Supplied records:
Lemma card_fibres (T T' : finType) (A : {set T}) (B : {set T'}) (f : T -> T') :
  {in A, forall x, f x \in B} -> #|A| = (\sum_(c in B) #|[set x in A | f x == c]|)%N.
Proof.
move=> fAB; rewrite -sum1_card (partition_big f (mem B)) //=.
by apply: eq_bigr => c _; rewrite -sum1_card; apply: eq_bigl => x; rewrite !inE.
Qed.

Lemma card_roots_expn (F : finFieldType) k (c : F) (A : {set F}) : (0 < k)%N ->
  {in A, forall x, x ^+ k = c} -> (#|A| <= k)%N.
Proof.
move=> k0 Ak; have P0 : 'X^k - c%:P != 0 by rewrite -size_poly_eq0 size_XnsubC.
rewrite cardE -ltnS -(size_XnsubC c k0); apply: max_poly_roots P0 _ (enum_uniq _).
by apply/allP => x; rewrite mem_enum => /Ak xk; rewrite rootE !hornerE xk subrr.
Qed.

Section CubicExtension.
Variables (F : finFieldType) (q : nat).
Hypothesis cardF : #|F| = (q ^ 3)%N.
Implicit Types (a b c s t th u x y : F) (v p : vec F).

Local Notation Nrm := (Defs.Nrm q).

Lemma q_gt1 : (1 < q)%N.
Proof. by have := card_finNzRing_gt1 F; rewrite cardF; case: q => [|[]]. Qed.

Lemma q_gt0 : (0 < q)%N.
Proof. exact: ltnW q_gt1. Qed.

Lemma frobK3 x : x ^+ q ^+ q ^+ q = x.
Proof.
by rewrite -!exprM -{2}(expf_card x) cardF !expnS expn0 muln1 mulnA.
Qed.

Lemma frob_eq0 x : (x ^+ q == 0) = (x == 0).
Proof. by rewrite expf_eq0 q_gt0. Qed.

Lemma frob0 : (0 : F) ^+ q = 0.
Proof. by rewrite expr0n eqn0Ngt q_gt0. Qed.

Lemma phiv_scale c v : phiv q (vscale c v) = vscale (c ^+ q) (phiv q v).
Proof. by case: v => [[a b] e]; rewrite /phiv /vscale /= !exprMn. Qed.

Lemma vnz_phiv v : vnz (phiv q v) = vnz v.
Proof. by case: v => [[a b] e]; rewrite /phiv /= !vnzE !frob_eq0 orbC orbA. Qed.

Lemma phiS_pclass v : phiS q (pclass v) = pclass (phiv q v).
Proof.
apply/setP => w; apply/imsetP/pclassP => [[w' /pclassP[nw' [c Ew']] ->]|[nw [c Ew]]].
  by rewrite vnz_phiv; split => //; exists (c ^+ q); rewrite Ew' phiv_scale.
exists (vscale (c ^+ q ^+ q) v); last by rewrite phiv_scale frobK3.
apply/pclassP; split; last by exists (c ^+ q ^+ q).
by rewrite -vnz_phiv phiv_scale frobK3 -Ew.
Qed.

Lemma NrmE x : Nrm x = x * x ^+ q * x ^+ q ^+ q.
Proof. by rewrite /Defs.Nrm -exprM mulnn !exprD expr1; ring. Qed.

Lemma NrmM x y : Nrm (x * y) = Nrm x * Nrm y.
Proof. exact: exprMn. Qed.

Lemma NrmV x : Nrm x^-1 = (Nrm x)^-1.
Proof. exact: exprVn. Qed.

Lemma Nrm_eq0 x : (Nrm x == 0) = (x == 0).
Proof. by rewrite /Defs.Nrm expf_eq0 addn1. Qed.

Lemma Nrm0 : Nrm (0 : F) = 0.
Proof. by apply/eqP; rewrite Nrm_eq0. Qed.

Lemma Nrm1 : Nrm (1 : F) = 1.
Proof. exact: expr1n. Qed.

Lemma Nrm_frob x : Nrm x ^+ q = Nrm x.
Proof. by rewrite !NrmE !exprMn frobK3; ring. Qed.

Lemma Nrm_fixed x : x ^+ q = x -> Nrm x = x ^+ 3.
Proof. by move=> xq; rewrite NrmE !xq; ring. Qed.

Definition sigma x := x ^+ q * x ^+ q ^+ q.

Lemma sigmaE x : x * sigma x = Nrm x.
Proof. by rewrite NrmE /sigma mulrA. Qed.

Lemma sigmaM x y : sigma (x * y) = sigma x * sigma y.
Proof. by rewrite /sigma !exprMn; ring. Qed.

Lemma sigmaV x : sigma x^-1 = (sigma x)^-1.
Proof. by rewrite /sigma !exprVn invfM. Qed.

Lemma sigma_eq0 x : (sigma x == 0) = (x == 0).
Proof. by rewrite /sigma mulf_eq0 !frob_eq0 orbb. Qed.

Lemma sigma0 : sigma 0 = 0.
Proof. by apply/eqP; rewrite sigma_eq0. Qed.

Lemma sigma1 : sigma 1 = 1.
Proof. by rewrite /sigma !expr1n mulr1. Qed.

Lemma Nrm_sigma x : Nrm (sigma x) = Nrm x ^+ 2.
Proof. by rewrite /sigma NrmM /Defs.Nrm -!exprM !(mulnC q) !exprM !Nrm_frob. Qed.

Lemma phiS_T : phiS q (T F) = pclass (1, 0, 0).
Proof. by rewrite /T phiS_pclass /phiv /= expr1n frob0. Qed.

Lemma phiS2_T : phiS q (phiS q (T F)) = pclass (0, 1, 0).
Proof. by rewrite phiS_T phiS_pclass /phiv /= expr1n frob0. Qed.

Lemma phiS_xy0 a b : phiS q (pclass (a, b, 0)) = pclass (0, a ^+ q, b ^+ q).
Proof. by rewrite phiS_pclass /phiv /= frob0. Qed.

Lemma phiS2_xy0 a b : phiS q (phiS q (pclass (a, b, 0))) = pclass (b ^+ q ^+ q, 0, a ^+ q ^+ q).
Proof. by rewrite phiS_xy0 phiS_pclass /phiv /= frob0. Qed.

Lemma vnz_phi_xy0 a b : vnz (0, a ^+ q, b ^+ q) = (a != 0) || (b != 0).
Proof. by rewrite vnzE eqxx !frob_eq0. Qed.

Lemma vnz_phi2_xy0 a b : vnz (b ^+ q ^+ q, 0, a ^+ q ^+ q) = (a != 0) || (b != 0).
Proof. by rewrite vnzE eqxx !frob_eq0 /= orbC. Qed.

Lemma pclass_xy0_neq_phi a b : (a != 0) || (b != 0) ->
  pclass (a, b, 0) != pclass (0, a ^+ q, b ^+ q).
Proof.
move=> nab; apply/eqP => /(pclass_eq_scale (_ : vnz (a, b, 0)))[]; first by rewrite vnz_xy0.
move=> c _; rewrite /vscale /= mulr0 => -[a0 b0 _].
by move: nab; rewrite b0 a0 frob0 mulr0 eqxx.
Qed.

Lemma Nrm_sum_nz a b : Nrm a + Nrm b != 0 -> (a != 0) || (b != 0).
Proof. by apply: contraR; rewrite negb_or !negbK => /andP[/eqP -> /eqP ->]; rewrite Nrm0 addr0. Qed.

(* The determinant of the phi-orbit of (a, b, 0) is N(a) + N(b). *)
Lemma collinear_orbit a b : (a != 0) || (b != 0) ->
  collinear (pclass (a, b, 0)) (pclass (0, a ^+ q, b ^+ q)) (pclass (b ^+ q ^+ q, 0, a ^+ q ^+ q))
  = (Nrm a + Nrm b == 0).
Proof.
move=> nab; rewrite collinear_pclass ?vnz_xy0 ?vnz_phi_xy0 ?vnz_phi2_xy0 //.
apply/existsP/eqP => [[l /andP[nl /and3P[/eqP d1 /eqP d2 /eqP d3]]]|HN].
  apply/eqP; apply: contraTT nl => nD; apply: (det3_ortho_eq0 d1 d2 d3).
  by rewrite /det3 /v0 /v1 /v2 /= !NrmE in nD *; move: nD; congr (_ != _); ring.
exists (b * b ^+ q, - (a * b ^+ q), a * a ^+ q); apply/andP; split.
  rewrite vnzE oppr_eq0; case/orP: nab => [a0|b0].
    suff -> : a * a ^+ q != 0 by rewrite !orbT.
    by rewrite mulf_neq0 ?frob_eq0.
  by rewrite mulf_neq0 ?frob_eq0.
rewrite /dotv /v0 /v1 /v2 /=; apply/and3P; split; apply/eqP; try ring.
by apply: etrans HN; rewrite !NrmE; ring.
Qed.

---

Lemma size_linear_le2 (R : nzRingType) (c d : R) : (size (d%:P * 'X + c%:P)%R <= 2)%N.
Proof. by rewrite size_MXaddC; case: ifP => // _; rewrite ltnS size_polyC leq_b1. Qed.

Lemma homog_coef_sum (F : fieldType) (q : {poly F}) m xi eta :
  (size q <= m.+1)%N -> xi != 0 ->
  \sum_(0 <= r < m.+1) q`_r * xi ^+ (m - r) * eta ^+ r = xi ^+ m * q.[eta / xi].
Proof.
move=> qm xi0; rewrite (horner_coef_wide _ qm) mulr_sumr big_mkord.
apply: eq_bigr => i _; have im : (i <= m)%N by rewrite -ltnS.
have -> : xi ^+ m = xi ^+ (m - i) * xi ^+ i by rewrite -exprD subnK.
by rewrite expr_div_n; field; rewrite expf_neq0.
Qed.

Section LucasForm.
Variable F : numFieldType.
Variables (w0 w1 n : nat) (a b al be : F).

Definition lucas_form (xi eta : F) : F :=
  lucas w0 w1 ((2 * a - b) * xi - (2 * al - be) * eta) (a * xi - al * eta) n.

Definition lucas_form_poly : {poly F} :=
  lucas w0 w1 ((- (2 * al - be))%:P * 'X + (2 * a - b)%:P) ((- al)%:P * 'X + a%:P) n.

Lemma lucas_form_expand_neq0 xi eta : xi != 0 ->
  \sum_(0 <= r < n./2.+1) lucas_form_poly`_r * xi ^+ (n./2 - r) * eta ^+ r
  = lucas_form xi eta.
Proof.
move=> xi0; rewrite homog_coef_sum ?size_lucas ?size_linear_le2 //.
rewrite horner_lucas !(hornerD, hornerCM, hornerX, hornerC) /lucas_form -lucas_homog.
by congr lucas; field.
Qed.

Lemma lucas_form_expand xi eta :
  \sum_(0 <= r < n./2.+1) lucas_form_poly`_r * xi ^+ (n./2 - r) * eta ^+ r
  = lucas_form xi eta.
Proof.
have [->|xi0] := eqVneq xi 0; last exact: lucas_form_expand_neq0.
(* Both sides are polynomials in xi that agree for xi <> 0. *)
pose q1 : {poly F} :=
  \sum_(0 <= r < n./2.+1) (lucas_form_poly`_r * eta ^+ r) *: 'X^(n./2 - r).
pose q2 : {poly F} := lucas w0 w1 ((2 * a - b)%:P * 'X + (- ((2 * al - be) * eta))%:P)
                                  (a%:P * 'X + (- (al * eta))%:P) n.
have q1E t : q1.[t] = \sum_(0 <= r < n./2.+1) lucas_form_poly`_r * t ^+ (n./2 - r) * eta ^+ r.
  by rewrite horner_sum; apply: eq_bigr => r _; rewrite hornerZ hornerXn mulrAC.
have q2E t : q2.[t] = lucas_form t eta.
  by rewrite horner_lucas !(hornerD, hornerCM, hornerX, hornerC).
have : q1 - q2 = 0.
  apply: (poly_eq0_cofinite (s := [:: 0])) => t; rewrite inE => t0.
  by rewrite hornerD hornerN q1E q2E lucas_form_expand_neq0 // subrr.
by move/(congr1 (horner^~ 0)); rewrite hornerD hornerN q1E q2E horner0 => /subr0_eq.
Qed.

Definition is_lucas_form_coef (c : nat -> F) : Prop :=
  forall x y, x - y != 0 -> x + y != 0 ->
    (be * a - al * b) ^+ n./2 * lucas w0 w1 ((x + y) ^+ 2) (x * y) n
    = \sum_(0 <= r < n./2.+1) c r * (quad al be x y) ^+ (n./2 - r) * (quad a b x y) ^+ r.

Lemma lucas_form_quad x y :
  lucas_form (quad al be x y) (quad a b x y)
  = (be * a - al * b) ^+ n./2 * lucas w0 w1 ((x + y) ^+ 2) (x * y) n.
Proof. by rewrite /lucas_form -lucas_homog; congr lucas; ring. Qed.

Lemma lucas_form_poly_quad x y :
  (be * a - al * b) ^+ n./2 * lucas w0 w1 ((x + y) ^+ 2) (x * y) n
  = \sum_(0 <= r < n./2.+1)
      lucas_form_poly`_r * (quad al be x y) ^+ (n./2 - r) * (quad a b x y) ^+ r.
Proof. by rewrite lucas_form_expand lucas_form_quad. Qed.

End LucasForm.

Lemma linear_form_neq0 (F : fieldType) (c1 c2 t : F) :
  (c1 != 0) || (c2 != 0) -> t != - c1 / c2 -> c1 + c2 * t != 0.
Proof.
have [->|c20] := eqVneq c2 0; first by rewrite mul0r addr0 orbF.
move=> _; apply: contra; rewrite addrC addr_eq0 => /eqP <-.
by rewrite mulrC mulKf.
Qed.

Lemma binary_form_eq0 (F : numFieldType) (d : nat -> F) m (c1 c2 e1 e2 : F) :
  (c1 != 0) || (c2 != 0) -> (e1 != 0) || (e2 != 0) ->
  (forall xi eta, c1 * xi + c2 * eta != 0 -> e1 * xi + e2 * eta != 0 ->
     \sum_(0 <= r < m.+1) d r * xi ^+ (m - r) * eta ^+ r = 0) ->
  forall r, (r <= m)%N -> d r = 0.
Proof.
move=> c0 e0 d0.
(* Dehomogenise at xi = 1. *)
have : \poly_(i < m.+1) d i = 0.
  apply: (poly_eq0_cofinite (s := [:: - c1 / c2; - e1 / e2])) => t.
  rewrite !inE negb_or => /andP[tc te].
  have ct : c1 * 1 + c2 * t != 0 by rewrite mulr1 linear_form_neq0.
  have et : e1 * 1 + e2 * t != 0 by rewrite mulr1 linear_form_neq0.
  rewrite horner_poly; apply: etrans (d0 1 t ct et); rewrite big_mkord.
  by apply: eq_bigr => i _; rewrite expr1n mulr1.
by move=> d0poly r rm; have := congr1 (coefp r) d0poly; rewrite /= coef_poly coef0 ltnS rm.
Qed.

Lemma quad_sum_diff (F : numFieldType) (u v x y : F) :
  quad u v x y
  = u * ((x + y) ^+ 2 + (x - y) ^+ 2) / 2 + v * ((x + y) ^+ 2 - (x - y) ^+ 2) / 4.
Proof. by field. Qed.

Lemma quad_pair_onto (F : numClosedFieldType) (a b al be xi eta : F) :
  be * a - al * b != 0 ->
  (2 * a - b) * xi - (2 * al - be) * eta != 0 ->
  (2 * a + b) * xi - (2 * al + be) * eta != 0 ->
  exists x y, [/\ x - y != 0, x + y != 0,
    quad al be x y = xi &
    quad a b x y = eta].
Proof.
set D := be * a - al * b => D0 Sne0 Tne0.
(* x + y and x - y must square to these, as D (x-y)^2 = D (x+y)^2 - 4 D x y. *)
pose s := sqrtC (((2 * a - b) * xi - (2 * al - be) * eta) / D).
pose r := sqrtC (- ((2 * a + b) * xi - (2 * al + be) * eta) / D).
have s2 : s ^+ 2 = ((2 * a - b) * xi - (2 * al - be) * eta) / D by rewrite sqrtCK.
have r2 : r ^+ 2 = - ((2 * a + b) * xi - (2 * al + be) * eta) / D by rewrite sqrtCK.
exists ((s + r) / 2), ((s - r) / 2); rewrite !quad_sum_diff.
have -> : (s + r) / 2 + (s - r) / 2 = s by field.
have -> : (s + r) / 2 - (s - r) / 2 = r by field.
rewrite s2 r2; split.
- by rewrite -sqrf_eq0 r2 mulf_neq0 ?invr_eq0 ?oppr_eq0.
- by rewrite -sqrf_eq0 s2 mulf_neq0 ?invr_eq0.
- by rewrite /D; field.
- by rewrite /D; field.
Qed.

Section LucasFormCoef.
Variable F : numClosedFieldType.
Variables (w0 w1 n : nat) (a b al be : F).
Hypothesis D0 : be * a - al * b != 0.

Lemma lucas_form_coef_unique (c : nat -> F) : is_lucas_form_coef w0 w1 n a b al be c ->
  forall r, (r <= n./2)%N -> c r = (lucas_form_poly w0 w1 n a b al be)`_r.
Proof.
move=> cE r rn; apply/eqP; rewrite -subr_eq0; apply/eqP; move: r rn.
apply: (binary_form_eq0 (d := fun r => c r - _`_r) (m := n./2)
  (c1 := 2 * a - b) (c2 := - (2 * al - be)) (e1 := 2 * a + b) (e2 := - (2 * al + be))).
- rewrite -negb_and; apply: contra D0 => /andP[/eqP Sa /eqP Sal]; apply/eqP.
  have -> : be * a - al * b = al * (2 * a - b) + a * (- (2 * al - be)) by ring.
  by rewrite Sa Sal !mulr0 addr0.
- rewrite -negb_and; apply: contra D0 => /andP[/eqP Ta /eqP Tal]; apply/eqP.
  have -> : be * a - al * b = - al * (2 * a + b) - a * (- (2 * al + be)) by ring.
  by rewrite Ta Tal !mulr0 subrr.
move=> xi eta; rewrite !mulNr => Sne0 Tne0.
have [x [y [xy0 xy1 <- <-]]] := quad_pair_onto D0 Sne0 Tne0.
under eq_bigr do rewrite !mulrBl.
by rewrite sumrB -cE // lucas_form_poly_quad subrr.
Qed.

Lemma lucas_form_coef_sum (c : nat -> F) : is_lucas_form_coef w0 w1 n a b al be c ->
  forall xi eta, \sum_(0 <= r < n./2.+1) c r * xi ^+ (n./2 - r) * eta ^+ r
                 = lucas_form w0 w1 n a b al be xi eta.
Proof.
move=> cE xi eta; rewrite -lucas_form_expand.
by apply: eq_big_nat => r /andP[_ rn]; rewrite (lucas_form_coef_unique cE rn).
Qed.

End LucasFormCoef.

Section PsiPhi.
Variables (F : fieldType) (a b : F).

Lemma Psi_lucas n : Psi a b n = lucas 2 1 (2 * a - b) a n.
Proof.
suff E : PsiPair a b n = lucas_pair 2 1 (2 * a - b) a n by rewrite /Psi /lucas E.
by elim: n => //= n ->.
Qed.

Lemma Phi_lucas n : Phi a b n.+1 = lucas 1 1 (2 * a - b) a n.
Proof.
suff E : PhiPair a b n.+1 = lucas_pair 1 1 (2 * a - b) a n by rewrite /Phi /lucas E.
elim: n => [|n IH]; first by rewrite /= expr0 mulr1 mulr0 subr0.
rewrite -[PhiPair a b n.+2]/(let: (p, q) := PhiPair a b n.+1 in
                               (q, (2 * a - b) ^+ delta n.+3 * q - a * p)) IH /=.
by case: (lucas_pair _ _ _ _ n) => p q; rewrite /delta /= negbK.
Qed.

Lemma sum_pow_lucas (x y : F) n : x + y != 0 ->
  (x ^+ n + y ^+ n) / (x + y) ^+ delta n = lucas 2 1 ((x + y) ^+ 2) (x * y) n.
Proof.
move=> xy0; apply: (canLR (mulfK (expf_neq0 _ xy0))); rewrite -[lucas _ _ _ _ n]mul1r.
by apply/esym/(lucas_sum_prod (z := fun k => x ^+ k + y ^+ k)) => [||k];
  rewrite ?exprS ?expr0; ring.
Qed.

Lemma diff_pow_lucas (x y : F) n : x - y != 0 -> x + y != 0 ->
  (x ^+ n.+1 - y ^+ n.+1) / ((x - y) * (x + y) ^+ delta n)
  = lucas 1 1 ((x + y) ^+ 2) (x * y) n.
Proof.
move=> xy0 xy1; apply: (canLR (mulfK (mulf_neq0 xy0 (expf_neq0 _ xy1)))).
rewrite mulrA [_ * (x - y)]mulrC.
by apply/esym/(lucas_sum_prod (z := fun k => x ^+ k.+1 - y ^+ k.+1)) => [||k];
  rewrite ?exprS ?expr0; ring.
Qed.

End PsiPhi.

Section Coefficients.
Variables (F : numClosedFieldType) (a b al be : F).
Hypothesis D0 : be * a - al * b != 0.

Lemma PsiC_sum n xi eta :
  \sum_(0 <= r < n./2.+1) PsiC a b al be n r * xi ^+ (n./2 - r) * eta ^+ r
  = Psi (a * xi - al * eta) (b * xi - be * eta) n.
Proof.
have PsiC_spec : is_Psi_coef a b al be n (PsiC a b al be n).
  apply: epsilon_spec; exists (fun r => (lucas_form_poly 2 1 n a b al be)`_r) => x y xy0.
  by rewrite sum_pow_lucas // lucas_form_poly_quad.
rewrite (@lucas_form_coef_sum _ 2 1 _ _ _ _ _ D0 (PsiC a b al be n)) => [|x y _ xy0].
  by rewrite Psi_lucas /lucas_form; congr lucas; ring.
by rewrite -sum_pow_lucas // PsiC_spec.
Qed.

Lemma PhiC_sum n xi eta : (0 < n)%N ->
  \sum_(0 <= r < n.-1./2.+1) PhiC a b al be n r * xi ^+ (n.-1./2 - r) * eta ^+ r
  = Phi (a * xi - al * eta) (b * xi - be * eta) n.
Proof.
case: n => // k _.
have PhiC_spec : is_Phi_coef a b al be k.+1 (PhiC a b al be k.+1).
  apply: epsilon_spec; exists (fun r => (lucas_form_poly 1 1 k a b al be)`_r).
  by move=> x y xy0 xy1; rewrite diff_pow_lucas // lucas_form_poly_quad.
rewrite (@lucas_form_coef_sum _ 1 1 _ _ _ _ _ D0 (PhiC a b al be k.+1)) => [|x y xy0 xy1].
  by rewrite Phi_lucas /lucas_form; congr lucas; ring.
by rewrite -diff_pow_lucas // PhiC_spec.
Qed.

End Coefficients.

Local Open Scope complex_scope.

Prompt:
Return exactly, and only, the lines above starting at the line that contains "by move: nab; rewrite b0 a0 frob0 mulr0 eqxx." and ending at the line that contains "Lemma collinear_orbit a".

Solved problem:
by move: nab; rewrite b0 a0 frob0 mulr0 eqxx.
Qed.

Lemma Nrm_sum_nz a b : Nrm a + Nrm b != 0 -> (a != 0) || (b != 0).
Proof. by apply: contraR; rewrite negb_or !negbK => /andP[/eqP -> /eqP ->]; rewrite Nrm0 addr0. Qed.

(* The determinant of the phi-orbit of (a, b, 0) is N(a) + N(b). *)
Lemma collinear_orbit a b : (a != 0) || (b != 0) ->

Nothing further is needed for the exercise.